↓

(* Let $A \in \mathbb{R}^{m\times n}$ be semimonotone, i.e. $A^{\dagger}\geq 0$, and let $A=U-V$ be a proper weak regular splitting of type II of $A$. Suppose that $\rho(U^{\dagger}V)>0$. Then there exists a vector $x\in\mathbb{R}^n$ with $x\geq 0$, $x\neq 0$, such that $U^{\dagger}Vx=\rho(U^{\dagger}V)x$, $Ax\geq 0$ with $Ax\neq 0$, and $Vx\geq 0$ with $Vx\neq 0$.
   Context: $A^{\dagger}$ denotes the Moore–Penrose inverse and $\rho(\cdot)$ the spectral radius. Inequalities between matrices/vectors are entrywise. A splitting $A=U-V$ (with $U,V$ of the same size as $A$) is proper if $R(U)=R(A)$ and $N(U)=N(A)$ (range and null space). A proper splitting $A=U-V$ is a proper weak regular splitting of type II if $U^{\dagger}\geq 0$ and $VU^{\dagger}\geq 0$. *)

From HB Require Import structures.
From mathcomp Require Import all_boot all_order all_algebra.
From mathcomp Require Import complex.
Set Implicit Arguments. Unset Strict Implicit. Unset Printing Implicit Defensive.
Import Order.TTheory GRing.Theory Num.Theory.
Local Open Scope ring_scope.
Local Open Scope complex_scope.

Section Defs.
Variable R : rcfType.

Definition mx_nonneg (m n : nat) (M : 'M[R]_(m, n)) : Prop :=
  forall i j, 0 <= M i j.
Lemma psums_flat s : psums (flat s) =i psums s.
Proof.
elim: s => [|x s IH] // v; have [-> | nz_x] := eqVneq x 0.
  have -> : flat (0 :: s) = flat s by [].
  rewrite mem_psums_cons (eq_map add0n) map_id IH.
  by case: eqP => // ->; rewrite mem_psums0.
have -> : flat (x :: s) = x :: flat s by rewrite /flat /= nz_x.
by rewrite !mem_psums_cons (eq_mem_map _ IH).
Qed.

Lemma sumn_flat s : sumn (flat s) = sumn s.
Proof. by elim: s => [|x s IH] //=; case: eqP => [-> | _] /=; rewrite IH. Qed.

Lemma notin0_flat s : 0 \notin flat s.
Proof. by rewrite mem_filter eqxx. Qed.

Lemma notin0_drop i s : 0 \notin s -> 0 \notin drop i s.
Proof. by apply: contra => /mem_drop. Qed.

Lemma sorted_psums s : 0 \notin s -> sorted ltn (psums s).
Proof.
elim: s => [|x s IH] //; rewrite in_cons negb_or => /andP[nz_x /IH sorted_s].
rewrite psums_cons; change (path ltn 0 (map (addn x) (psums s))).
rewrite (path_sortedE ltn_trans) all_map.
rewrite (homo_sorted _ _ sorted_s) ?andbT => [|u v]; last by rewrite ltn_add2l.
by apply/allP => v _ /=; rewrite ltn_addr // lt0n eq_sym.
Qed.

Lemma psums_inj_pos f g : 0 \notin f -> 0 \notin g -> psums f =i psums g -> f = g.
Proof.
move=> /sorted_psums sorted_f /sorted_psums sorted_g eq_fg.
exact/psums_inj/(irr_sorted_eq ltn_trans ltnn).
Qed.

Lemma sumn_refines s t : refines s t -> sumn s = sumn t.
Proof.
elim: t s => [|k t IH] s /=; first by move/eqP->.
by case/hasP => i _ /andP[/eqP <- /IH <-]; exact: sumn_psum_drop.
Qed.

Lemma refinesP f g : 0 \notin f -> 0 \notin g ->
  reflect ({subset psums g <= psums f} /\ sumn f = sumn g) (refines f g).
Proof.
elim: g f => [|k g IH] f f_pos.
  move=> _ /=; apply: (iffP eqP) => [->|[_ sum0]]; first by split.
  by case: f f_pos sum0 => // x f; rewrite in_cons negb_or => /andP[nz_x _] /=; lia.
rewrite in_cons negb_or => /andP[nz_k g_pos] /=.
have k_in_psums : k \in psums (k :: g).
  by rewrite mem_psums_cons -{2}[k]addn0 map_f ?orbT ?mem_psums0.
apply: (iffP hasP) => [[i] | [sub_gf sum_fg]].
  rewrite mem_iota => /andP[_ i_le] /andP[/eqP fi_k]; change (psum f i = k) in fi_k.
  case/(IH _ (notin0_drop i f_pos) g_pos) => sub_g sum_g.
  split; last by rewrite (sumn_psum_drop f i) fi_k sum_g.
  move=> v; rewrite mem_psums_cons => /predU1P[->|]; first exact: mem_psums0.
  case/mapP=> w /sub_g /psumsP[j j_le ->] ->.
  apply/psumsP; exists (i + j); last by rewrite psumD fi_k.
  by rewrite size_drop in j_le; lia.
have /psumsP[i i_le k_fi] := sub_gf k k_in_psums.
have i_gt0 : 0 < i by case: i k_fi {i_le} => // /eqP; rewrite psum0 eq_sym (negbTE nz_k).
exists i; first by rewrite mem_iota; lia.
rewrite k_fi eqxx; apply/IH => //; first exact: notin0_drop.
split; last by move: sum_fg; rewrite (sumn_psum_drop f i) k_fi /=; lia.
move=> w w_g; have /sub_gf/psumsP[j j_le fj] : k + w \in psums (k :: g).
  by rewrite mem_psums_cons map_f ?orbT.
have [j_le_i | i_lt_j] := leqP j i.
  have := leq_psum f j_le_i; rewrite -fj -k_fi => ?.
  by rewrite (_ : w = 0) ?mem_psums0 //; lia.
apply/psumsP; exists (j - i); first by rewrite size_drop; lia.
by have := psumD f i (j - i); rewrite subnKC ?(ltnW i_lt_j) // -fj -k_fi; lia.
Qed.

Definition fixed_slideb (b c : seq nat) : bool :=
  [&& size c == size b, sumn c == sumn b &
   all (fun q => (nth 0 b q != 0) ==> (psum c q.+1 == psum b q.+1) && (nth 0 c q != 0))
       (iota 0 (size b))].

↑

DESCRIPTION OF THE TASK => Go through the material above and copy each line that has the word "Local".

FINISHED TASK =>
Local Open Scope ring_scope.
Local Open Scope complex_scope.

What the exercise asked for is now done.